Ross Ferguson checks in on our five pharmacy owners to see how they are getting on with their business development plans
The owner of Goodlife Pharmacy in Hatton, Lindsey Fairbrother, is probably like many other pharmacy owners: “While I do think about the business often, it’s unusual to have a whole day to think about it,” she says.
But, this was how the Pharmacy Complete structured business development programme, Planning for Growth, run in conjunction with P3pharmacy, began back in May. “I suppose the day stressed me out a bit as I set such high standards for myself, so I came away with a big list of things to do,” she explains.
The priorities for Lindsey are about “driving the services business to reduce the reliance on NHS”. However, the challenge she faces is marketing.
So what progress has she made? “I have actioned a few things, but a team meeting next week will help me to delegate and prioritise.
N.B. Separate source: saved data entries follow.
Lemma enormZ (c : R) u : enorm (c *: u) = `|c| * enorm u.
Proof.
by rewrite /enorm dotvZl dotvZr mulrA -expr2 sqrtrM ?sqr_ge0 // sqrtr_sqr.
Qed.

Lemma enormN u : enorm (- u) = enorm u.
Proof. by rewrite -scaleN1r enormZ normrN normr1 mul1r. Qed.

Lemma enormBC u v : enorm (u - v) = enorm (v - u).
Proof. by rewrite -enormN opprB. Qed.

Lemma enormD_sqr u v :
  enorm (u + v) ^+ 2 = enorm u ^+ 2 + 2 * dotv u v + enorm v ^+ 2.
Proof. by rewrite !enorm_sqr dotvDl !dotvDr (dotvC v u); ring. Qed.

Lemma enormB_sqr u v :
  enorm (u - v) ^+ 2 = enorm u ^+ 2 - 2 * dotv u v + enorm v ^+ 2.
Proof. by rewrite enormD_sqr dotvNr enormN; ring. Qed.

(* Expand [0 <= |(|v|) u - (|u|) v|^2]. *)
Lemma dotv_le u v : dotv u v <= enorm u * enorm v.
Proof.
have [u0|u0] := eqVneq (enorm u) 0; first by rewrite (enorm_eq0 u0) dotv0l enorm0 mul0r.
have [v0|v0] := eqVneq (enorm v) 0.
  by rewrite (enorm_eq0 v0) dotvC dotv0l enorm0 mulr0.
have uv_gt0 : 0 < enorm u * enorm v by rewrite mulr_gt0 // lt_def ?u0 ?v0 enorm_ge0.
have := sqr_ge0 (enorm (enorm v *: u - enorm u *: v)).
rewrite enormB_sqr dotvZl dotvZr !enormZ.
rewrite !ger0_norm ?enorm_ge0 // => H.
rewrite -(ler_pM2r uv_gt0) -subr_ge0; nra.
Qed.

Lemma dotv_ge u v : - (enorm u * enorm v) <= dotv u v.
Proof. by rewrite lerNl -dotvNl -(enormN u) dotv_le. Qed.

Lemma ler_enormD u v : enorm (u + v) <= enorm u + enorm v.
Proof.
rewrite -(ler_pXn2r (_ : 0 < 2)%N) ?nnegrE ?addr_ge0 ?enorm_ge0 //.
rewrite enormD_sqr; have := dotv_le u v; lra.
Qed.

Lemma enorm_convex_sqr (t : R) u v :
  enorm (t *: u + (1 - t) *: v) ^+ 2
  = t * enorm u ^+ 2 + (1 - t) * enorm v ^+ 2 - t * (1 - t) * enorm (u - v) ^+ 2.
Proof.
rewrite !enorm_sqr /dotv !mulr_sumr -big_split -sumrB /=.
by apply: eq_bigr => i _; rewrite !mxE; ring.
Qed.

Lemma enorm_le_mx_norm u : enorm u <= k.+1%:R * `|u|.
Proof.
have coord_le i : `|u ord0 i| <= `|u|.
  rewrite [leRHS]/Num.norm /= mx_normrE; apply/bigmax_geP; right.
  by exists (ord0, i).
rewrite -(ler_pXn2r (_ : 0 < 2)%N) ?nnegrE ?enorm_ge0 ?mulr_ge0 ?ler0n //.
rewrite enorm_sqr; apply: (@le_trans _ _ (\sum_(i < k) `|u| ^+ 2)).
  apply: ler_sum => i _; rewrite -expr2 -(real_normK (num_real _)).
  by rewrite lerXn2r ?nnegrE ?normr_ge0.
rewrite sumr_const card_ord exprMn -[_ *+ k]mulr_natl ler_wpM2r ?sqr_ge0 //.
rewrite -natrX ler_nat (leq_trans (leqnSn _)) //.
by rewrite expnS leq_pmulr // expn_gt0.
Qed.

Lemma near_enorm_lt v0 (e : R) : 0 < e -> \forall v \near v0, enorm (v - v0) < e.
Proof.
move=> e_gt0; have ek_gt0 : 0 < e / k.+1%:R by rewrite divr_gt0.
have [+ _] := @cvgrPdist_lt _ _ _ (nbhs v0) _ id v0.
move=> /(_ cvg_id _ ek_gt0); apply: filterS => v vv0.
apply: le_lt_trans (enorm_le_mx_norm _) _.
by rewrite -ltr_pdivlMl // mulrC -normrN opprB.
Qed.

Lemma enorm_continuous : continuous (@enorm R k).
Proof.
move=> v0; apply/(@cvgrPdist_le _ _ _ (nbhs v0)) => e e_gt0.
near=> v.
have vv0 : enorm (v - v0) < e by near: v; exact: near_enorm_lt.
have le1 : enorm v <= enorm v0 + enorm (v - v0).
  by have := ler_enormD v0 (v - v0); rewrite addrC subrK.
have le2 : enorm v0 <= enorm v + enorm (v - v0).
  by have := ler_enormD v (v0 - v); rewrite addrC subrK enormBC.
rewrite ler_norml; apply/andP; split; lra.
Unshelve. all: end_near.
Qed.

End Euclid.

Lemma neg_lipschitz_eq (R : realType) k j (g : 'rV[R]_k -> 'rV[R]_j) (L : R) :
  L < 0 -> (forall a b, enorm (g a - g b) <= L * enorm (a - b)) ->
  forall a b : 'rV[R]_k, a = b.
Proof.
move=> L_lt0 lip a b; apply: subr0_eq; apply: enorm_eq0; apply/eqP.
rewrite eq_le enorm_ge0 andbT.
by have := lip a b; have := enorm_ge0 (g a - g b); have := enorm_ge0 (a - b); nra.
Qed.

Lemma le0_of_forall_le_mul (R : realType) (a c : R) :
  (forall t, 0 < t -> t < 1 -> a <= t * c) -> a <= 0.
Proof.
move=> H; rewrite leNgt; apply/negP => a_gt0.
have d_gt0 : 0 < a + `|c| + 1 by have := normr_ge0 c; lra.
set t := a / (a + `|c| + 1).
have td : t * (a + `|c| + 1) = a by rewrite divfK // gt_eqF.
have t_gt0 : 0 < t by rewrite divr_gt0.
have t_lt1 : t < 1 by rewrite ltr_pdivrMr // mul1r; have := normr_ge0 c; lra.
have := H t t_gt0 t_lt1; have := ler_norm c; nra.
Qed.

Section Sets.
Variables (R : realType) (k : nat).
Implicit Types (S : set 'rV[R]_k) (u v w : 'rV[R]_k).

Lemma proj_dotv_le0 S P v w : convex_set S -> is_proj S P -> S w ->
  dotv (v - P v) (w - P v) <= 0.
Proof.
move=> convS projP Sw; set a := v - P v; set b := w - P v.
apply: (@le0_of_forall_le_mul _ _ (enorm b ^+ 2 / 2)) => t t_gt0 t_lt1.
have St : S (t *: w + (1 - t) *: P v).
  by apply: convS => //; [exact: (projP v).1 | rewrite !ltW].
have := (projP v).2 _ St.
have -> : v - (t *: w + (1 - t) *: P v) = a - t *: b.
  by apply/rowP => i; rewrite !mxE; ring.
rewrite -/a -(ler_pXn2r (_ : 0 < 2)%N) ?nnegrE ?enorm_ge0 //.
rewrite (enormB_sqr a) dotvZr enormZ (gtr0_norm t_gt0) => H; rewrite -(ler_pM2l t_gt0); nra.
Qed.

Lemma set_dist_le v S w : S w -> set_dist v S <= enorm (v - w).
Proof.
move=> Sw; apply: ge_inf; last by exists w.
by exists 0 => _ [w' _ <-]; exact: enorm_ge0.
Qed.

Lemma ler_set_dist v S (a c : R) : S !=set0 -> 0 <= c ->
  (forall w, S w -> a <= c * enorm (v - w)) -> a <= c * set_dist v S.
Proof.
move=> [w0 Sw0]; rewrite le_eqVlt => /predU1P[<- /(_ w0 Sw0)|c_gt0 H].
  by rewrite !mul0r.
rewrite -ler_pdivrMl //; apply: lb_le_inf; first by exists (enorm (v - w0)), w0.
by move=> _ [w Sw <-]; rewrite ler_pdivrMl //; exact: H.
Qed.

Lemma set_diam_ge S u v : compact S -> S u -> S v -> enorm (u - v) <= set_diam S.
Proof.
move=> cS Su Sv; apply: sup_upper_bound; last by exists u, v.
split; first by exists (enorm (u - v)), u, v.
have [c Sc cmax] := EVT_max_rV (ex_intro _ u Su) cS
  (continuous_subspaceT (@enorm_continuous R k)).
exists (enorm c + enorm c) => _ [a [b [Sa Sb ->]]].
apply: le_trans (ler_enormD _ _) _; rewrite enormN.
by apply: lerD; apply: cmax; rewrite inE.
Qed.

End Sets.

Section Gradient.
Variables (R : realType) (k : nat).
Implicit Types (h : 'rV[R]_k -> R) (a v x G : 'rV[R]_k).

Lemma is_derive_segment h a v t G :
  is_grad h (a + t *: v) G -> is_derive t 1 (fun s => h (a + s *: v)) (dotv G v).
Proof.
move=> hG; set u := fun s => h (a + s *: v).
have v1_gt0 : 0 < enorm v + 1 by have := enorm_ge0 v; lra.
have cv : (fun s : R => s^-1 *: ((u \o shift t) (s *: 1) - u t)) @ 0^' --> dotv G v.
  apply/cvgrPdist_le => e e_gt0.
  have [del del_gt0 Hdel] := hG (e / (enorm v + 1)) (divr_gt0 e_gt0 v1_gt0).
  near=> s.
  have s_neq0 : s != 0 by near: s; exact: nbhs_dnbhs_neq.
  have s_lt : `|s| < del / (enorm v + 1).
    by near: s; apply: dnbhs0_lt; rewrite divr_gt0.
  have sv_lt : enorm (s *: v) < del.
    rewrite enormZ; move: s_lt; rewrite ltr_pdivlMr //.
    by have := enorm_ge0 v; have := normr_ge0 s; nra.
  have le_e := Hdel _ sv_lt.
  rewrite enormZ dotvZr -(addrA a) -scalerDl -/(u (t + s)) -/(u t) in le_e.
  rewrite /= /shift /= [s%:A]mulr1 (addrC s t).
  change (`|dotv G v - s^-1 * (u (t + s) - u t)| <= (e : R)).
  have -> : dotv G v - s^-1 * (u (t + s) - u t) =
            - (s^-1 * (u (t + s) - u t - s * dotv G v)) by field.
  rewrite normrN normrM normfV mulrC ler_pdivrMr ?normr_gt0 //.
  apply: le_trans le_e _.
  have : e / (enorm v + 1) * (enorm v + 1) = e by rewrite divfK // lt0r_neq0.
  set e' := e / _ => e'E.
  have e's_ge0 : 0 <= e' * `|s| by rewrite mulr_ge0 // divr_ge0 // ltW.
  rewrite -e'E; nra.
split; first by apply/cvg_ex; exists (dotv G v).
exact: cvg_lim cv.
Unshelve. all: end_near.
Qed.

Lemma concave_grad_ge h x y G :
  concave_on setT h -> is_grad h x G -> h y <= h x + dotv G (y - x).
Proof.
move=> hconc hG; set v := y - x.
suff : h y - h x - dotv G v <= 0 by lra.
apply: (@le0_of_forall_le_mul _ _ (enorm v)) => e e_gt0 _.
have [del del_gt0 Hdel] := hG e e_gt0.
have v1_gt0 : 0 < enorm v + 1 by have := enorm_ge0 v; lra.
set s := Num.min 1 (del / (enorm v + 1)).
have s_gt0 : 0 < s by rewrite lt_min ltr01 divr_gt0.
have s_le1 : s <= 1 by rewrite ge_min lexx.
have sv_lt : enorm (s *: v) < del.
  have : s * (enorm v + 1) <= del by rewrite -ler_pdivlMr // ge_min lexx orbT.
  by rewrite enormZ (gtr0_norm s_gt0); nra.
have := Hdel _ sv_lt; rewrite enormZ dotvZr (gtr0_norm s_gt0) ler_norml => /andP[_ up].
have := hconc y x I I s; rewrite (ltW s_gt0) s_le1 => /(_ isT).
have -> : s *: y + (1 - s) *: x = x + s *: v by apply/rowP => i; rewrite !mxE; ring.
move=> conc; rewrite -(ler_pM2l s_gt0); lra.
Qed.

(* Mean value theorem for [t |-> h (a + t v) - b t - c t^2 / 2] on [0, 1]. *)
Lemma grad_segment_lb h (Gh : 'rV[R]_k -> 'rV[R]_k) a v (b c : R) :
  (forall x, is_grad h x (Gh x)) ->
  (forall t, 0 <= t <= 1 -> b + c * t <= dotv (Gh (a + t *: v)) v) ->
  h a + b + c / 2 <= h (a + v).
Proof.
move=> hG hb.
pose u := (fun s => h (a + s *: v)) - (b *: id + (c / 2) *: id ^+ 2).
have du (t : R) : is_derive t 1 u (dotv (Gh (a + t *: v)) v - (b + c * t)).
  apply: is_derive_eq; first exact: is_deriveB (is_derive_segment (hG _)) _.
  change (dotv (Gh (a + t *: v)) v - (b * 1 + c / 2 * (2 * t ^+ 1 * 1)) =
          dotv (Gh (a + t *: v)) v - (b + c * t)).
  by congr (_ - (_ + _)); field.
have u_cont : {within `[0, 1], continuous u}.
  apply: continuous_subspaceT => t; have [du_ex _] := du t.
  by apply: differentiable_continuous; apply/derivable1_diffP.
have u01 : u 1 - u 0 = h (a + v) - (h a + b + c / 2).
  change (h (a + 1 *: v) - (b * 1 + c / 2 * (1 * 1))
          - (h (a + 0 *: v) - (b * 0 + c / 2 * (0 * 0))) =
          h (a + v) - (h a + b + c / 2)).
  by rewrite scale1r scale0r addr0; ring.
have [t t01] := MVT ltr01 (fun t _ => du t) u_cont.
rewrite u01 subr0 mulr1 => /eqP; rewrite subr_eq => /eqP ->.
rewrite lerDr subr_ge0; apply: hb.
by move: t01; rewrite in_itv /= => /andP[/ltW -> /ltW ->].
Qed.

Lemma is_gradB h1 h2 x G1 G2 :
  is_grad h1 x G1 -> is_grad h2 x G2 -> is_grad (fun x => h1 x - h2 x) x (G1 - G2).
Proof.
move=> hG1 hG2 e e_gt0; have e2_gt0 : 0 < e / 2 by rewrite divr_gt0.
have [d1 d1_gt0 Hd1] := hG1 _ e2_gt0; have [d2 d2_gt0 Hd2] := hG2 _ e2_gt0.
exists (Num.min d1 d2) => [|d]; first by rewrite lt_min d1_gt0 d2_gt0.
rewrite lt_min => /andP[/Hd1 le1 /Hd2 le2]; rewrite dotvBl.
have -> : h1 (x + d) - h2 (x + d) - (h1 x - h2 x) - (dotv G1 d - dotv G2 d)
  = (h1 (x + d) - h1 x - dotv G1 d) - (h2 (x + d) - h2 x - dotv G2 d) by ring.
apply: le_trans (ler_normB _ _) _; lra.
Qed.

End Gradient.

Section Smooth.
Variables (R : realType) (k : nat).
Implicit Types (h : 'rV[R]_k -> R) (Gh : 'rV[R]_k -> 'rV[R]_k) (a b x z : 'rV[R]_k).

Lemma lipschitz_grad_lb h Gh (L : R) a b :
  (forall x, is_grad h x (Gh x)) ->
  (forall x x', enorm (Gh x - Gh x') <= L * enorm (x - x')) ->
  h a + dotv (Gh a) (b - a) - L / 2 * enorm (b - a) ^+ 2 <= h b.
Proof.
move=> hG hL; set v := b - a.
have -> : b = a + v by rewrite /v addrC subrK.
apply: (le_trans _
  (grad_segment_lb (b := dotv (Gh a) v) (c := - (L * enorm v ^+ 2)) hG _)).
  by rewrite lerD2l mulNr mulrAC.
move=> t /andP[t_ge0 _].
have := dotv_ge (Gh (a + t *: v) - Gh a) v; rewrite dotvBl.
have := hL (a + t *: v) a; rewrite (addrC a) addrK enormZ ger0_norm //.
have := enorm_ge0 v; rewrite expr2; nra.
Qed.

Lemma grad_diff_lb h1 h2 G1 G2 (M : R) a b :
  (forall x, is_grad h1 x (G1 x)) -> (forall x, is_grad h2 x (G2 x)) ->
  (forall x, enorm (G1 x - G2 x) <= M) ->
  h1 a - h2 a - M * enorm (b - a) <= h1 b - h2 b.
Proof.
move=> hG1 hG2 hM; set v := b - a.
have -> : b = a + v by rewrite /v addrC subrK.
have := grad_segment_lb (a := a) (v := v) (b := - (M * enorm v)) (c := 0)
  (fun x => is_gradB (hG1 x) (hG2 x)).
rewrite mul0r addr0; apply=> t _; rewrite mul0r addr0.
have := dotv_ge (G1 (a + t *: v) - G2 (a + t *: v)) v.
have := ler_wpM2r (enorm_ge0 v) (hM (a + t *: v)); lra.
Qed.

(* [h + p/2 |. - z|^2] is [(p - L)]-strongly convex when [grad h] is [L]-Lipschitz. *)
Lemma prox_quadratic_growth (X : set 'rV[R]_k) h Gh (L p : R) z x0 x :
  convex_set X -> (forall x, is_grad h x (Gh x)) ->
  (forall x x', enorm (Gh x - Gh x') <= L * enorm (x - x')) ->
  X x0 -> (forall x, X x -> h x0 + p / 2 * enorm (x0 - z) ^+ 2
                            <= h x + p / 2 * enorm (x - z) ^+ 2) -> X x ->
  h x0 + p / 2 * enorm (x0 - z) ^+ 2 + (p - L) / 2 * enorm (x - x0) ^+ 2
    <= h x + p / 2 * enorm (x - z) ^+ 2.
Proof.
move=> convX hG hL Xx0 x0_min Xx; set v := x - x0.
set K := fun x => h x + p / 2 * enorm (x - z) ^+ 2.
suff : K x0 + (p - L) / 2 * enorm v ^+ 2 - K x <= 0 by rewrite /K; lra.
apply: (@le0_of_forall_le_mul _ _ ((p - L) / 2 * enorm v ^+ 2)) => t t_gt0 t_lt1.
set xt := t *: x + (1 - t) *: x0.
have Xxt : X xt by apply: convX; rewrite ?(ltW t_gt0) ?(ltW t_lt1).
have := x0_min _ Xxt; have := lipschitz_grad_lb xt x hG hL.
have := lipschitz_grad_lb xt x0 hG hL.
have -> : x - xt = (1 - t) *: v by apply/rowP => i; rewrite !mxE; ring.
have -> : x0 - xt = (- t) *: v by apply/rowP => i; rewrite !mxE; ring.
have -> : xt - z = t *: (x - z) + (1 - t) *: (x0 - z).
  by apply/rowP => i; rewrite !mxE; ring.
rewrite !dotvZr !enormZ normrN !ger0_norm ?subr_ge0 ?(ltW t_lt1) ?(ltW t_gt0) //.
rewrite enorm_convex_sqr opprB addrA subrK -/v /K.
set Gv := dotv _ v; set N := enorm v => lb0 lb1 min_t.
have t1_ge0 : 0 <= 1 - t by lra.
have := ler_wpM2l (ltW t_gt0) lb1; have := ler_wpM2l t1_ge0 lb0.
rewrite -(ler_pM2l t_gt0); nra.
Qed.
I am then having a meeting with my locum and pre-reg as I can’t achieve what I need to without them. My main priority is to explore how we alter the way we work, so the pharmacist is totally service-focused, even though they still need to check dispensing.”
Tajinder Singh of Totley Pharmacy in Totley, says he found the initial day very useful. “Pharmacy is currently in its most difficult time ever, and even the tightest run ship needs to reassess and improve to survive, or even better thrive. I am totally committed to overcoming the challenges ahead.”
And while Taj says he already has a business plan in place, he admits “we need to refine it to achieve our goals”.
He also wants to involve his staff. “I am looking to further empower the team to own a specific part of the plan, and to have them achieve the targets.”
Meanwhile Akshay Patel of Regent Pharmacy in Northampton, concurs. He explains that while he has lots of business plans, he lacks “self-discipline” which means that often he doesn’t take the necessary steps to achieve his goals. He wants his team on “the same page” so that they can follow through.
They recently held a health promotion day at a local community centre, where they measured blood pressure, provided advice about alcohol limits and smoking cessation. Later this month they plan to hold a health promotion week in the pharmacy which they will promote with posters and on Facebook, and they will also hold a staff meeting.
Samina Khan, owner of Pateley Bridge Pharmacy in Harrogate, was comforted by the fact that fellow owners were also feeling “over worked and undervalued as pharmacists”. However, despite this, after spending the day in London Samina left feeling “motivated and full of enthusiasm”.
And Samina hasn’t been hanging around, she has started to concentrate on NHS and private services. She has contacted the local council to set up a falls service as well as an alcohol and brief intervention service, and has had a meeting with the smoking cessation service to get their help with promotion. Samina has also met with her Alphega Business mentor to analyse her NHS income and see how she can improve, and booked to attend a travel vaccine training course.
Plans for the future include a leaflet drop to promote her services to a wider population, conducting staff appraisals, setting staff targets and goals, and explaining the importance of team work. She says the only barrier so far is time.
It’s left to our final participant, Narinder Chahal, who owns N&J’s Chemist in Burntwood, to provide the reality check. She says she has been too busy dealing with the day-to-day stresses and hassles, chaos and uncertainty faced by pharmacy owners in England today, and has not yet had the time to invest in planning the future of her business. That’s understandable. “I am in a whirlpool and I need to get into more tranquil waters,” she told me. So while she has the desire, commitment and skills to succeed, it’s just time that’s missing as she tries to juggle the many demands on it.
So, warts and all, that’s the progress so far with our Planning for Growth programme participants. We will catch up with them again in a couple of months’ time, to see if they are making any headway.